● Task to carry out
Show each line of the records in which the word "invmx" occurs.

(Saved data entries)

((

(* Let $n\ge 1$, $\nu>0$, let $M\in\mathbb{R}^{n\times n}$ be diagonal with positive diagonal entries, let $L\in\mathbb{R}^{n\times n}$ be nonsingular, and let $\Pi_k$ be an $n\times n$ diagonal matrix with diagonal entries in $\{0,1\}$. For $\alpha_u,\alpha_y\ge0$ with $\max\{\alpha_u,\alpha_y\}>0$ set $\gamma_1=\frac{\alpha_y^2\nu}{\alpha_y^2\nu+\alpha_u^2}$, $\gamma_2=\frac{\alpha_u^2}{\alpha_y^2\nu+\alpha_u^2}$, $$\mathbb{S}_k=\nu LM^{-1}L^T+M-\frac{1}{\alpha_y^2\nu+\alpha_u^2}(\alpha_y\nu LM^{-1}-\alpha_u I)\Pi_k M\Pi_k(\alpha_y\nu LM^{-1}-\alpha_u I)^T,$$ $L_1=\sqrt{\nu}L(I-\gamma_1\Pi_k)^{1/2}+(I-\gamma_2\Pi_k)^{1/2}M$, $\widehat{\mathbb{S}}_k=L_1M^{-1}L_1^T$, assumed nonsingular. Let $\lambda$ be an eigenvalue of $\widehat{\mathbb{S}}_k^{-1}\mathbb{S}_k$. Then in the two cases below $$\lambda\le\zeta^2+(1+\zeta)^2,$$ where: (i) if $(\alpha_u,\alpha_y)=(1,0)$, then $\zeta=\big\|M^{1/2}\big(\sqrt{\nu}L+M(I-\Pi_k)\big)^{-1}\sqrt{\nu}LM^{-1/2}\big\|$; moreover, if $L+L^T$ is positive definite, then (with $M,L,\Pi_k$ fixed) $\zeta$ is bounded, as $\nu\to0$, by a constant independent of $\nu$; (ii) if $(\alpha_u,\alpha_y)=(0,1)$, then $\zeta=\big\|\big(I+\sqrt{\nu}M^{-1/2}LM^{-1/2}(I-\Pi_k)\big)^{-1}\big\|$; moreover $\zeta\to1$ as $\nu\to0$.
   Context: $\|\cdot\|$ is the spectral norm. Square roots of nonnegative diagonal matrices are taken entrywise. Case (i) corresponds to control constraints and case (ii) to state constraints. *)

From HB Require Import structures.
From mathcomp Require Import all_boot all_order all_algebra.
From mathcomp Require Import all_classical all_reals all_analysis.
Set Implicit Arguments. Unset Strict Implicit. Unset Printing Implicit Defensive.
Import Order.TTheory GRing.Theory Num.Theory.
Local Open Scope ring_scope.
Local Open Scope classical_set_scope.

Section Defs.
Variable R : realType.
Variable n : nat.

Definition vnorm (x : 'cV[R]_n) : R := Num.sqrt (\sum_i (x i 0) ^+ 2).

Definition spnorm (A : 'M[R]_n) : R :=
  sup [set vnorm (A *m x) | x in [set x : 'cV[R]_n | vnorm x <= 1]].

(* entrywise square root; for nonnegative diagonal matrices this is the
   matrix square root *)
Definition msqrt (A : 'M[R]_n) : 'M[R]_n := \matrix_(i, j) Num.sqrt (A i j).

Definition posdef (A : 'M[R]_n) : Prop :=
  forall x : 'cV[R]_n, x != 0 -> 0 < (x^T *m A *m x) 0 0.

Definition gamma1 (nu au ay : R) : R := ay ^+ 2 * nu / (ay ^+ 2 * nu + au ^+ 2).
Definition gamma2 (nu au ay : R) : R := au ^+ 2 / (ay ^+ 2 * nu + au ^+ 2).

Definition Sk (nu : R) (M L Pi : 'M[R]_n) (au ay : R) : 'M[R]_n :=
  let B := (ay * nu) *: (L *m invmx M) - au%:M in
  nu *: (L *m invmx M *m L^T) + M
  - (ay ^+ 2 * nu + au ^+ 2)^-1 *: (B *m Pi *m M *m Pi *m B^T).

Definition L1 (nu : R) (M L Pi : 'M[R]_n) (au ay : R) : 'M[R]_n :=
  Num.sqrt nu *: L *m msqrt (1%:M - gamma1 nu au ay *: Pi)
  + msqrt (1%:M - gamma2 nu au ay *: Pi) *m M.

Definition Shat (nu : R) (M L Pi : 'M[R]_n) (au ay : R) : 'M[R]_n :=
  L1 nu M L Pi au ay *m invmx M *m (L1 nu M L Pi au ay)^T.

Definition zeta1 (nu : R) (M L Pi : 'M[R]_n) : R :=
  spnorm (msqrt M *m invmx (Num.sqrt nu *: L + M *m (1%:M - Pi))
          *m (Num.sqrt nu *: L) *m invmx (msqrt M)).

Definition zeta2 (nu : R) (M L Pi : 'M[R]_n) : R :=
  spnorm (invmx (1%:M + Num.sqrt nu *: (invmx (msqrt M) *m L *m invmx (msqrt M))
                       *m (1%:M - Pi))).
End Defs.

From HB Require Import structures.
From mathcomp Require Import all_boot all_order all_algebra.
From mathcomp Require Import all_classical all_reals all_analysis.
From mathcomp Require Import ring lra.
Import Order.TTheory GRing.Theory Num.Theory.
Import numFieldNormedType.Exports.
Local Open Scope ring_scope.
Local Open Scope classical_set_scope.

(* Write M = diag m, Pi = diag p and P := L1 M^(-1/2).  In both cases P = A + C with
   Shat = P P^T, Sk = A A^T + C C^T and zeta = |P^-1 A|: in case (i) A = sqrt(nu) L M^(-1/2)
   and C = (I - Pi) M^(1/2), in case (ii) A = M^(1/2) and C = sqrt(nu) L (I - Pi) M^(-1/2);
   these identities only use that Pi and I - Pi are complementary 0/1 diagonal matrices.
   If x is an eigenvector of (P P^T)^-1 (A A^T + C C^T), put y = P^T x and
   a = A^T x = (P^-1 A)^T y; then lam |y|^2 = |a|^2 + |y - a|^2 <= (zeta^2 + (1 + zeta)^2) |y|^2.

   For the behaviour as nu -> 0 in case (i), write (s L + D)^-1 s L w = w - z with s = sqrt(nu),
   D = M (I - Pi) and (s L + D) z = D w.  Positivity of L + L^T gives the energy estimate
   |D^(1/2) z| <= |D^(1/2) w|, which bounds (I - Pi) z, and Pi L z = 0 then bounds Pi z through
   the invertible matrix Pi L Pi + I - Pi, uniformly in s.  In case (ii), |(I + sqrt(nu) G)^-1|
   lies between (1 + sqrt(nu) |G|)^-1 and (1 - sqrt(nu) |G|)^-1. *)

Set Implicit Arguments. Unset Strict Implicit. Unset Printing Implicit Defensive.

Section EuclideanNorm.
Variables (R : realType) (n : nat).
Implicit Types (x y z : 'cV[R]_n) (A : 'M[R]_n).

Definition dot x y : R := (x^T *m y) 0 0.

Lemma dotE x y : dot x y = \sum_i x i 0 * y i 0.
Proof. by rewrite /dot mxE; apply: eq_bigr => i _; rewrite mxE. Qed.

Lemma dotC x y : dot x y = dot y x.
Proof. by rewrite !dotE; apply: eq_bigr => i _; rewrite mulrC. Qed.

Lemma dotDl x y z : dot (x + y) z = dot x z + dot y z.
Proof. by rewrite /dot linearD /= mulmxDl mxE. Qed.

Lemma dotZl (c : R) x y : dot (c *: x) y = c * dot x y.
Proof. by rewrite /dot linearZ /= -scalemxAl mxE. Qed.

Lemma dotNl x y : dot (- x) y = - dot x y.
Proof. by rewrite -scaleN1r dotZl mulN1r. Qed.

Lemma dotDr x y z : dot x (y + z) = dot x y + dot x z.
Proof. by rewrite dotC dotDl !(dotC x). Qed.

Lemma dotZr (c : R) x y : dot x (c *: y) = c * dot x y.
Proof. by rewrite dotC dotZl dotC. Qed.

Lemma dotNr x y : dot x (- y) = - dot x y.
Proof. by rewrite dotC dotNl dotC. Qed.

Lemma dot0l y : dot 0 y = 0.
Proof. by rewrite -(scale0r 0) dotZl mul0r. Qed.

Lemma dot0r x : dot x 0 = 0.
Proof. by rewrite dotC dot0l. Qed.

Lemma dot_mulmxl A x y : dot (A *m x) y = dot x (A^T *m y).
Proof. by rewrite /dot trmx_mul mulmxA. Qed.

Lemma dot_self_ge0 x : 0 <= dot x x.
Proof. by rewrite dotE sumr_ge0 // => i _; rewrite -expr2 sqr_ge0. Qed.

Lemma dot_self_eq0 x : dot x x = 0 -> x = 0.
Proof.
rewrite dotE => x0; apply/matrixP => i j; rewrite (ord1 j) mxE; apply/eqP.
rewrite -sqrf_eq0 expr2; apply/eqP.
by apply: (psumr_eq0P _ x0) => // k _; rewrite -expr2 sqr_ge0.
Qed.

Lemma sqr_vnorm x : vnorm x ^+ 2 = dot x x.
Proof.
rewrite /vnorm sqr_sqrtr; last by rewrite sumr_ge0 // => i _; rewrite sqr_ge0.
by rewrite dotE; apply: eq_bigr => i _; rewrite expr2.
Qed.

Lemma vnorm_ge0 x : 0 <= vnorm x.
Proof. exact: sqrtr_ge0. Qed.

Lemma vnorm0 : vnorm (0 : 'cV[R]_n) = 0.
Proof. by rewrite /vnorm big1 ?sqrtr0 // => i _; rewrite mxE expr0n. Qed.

))

● Task solution
  let B := (ay * nu) *: (L *m invmx M) - au%:M in
  nu *: (L *m invmx M *m L^T) + M
  L1 nu M L Pi au ay *m invmx M *m (L1 nu M L Pi au ay)^T.
  spnorm (msqrt M *m invmx (Num.sqrt nu *: L + M *m (1%:M - Pi))
          *m (Num.sqrt nu *: L) *m invmx (msqrt M)).
  spnorm (invmx (1%:M + Num.sqrt nu *: (invmx (msqrt M) *m L *m invmx (msqrt M))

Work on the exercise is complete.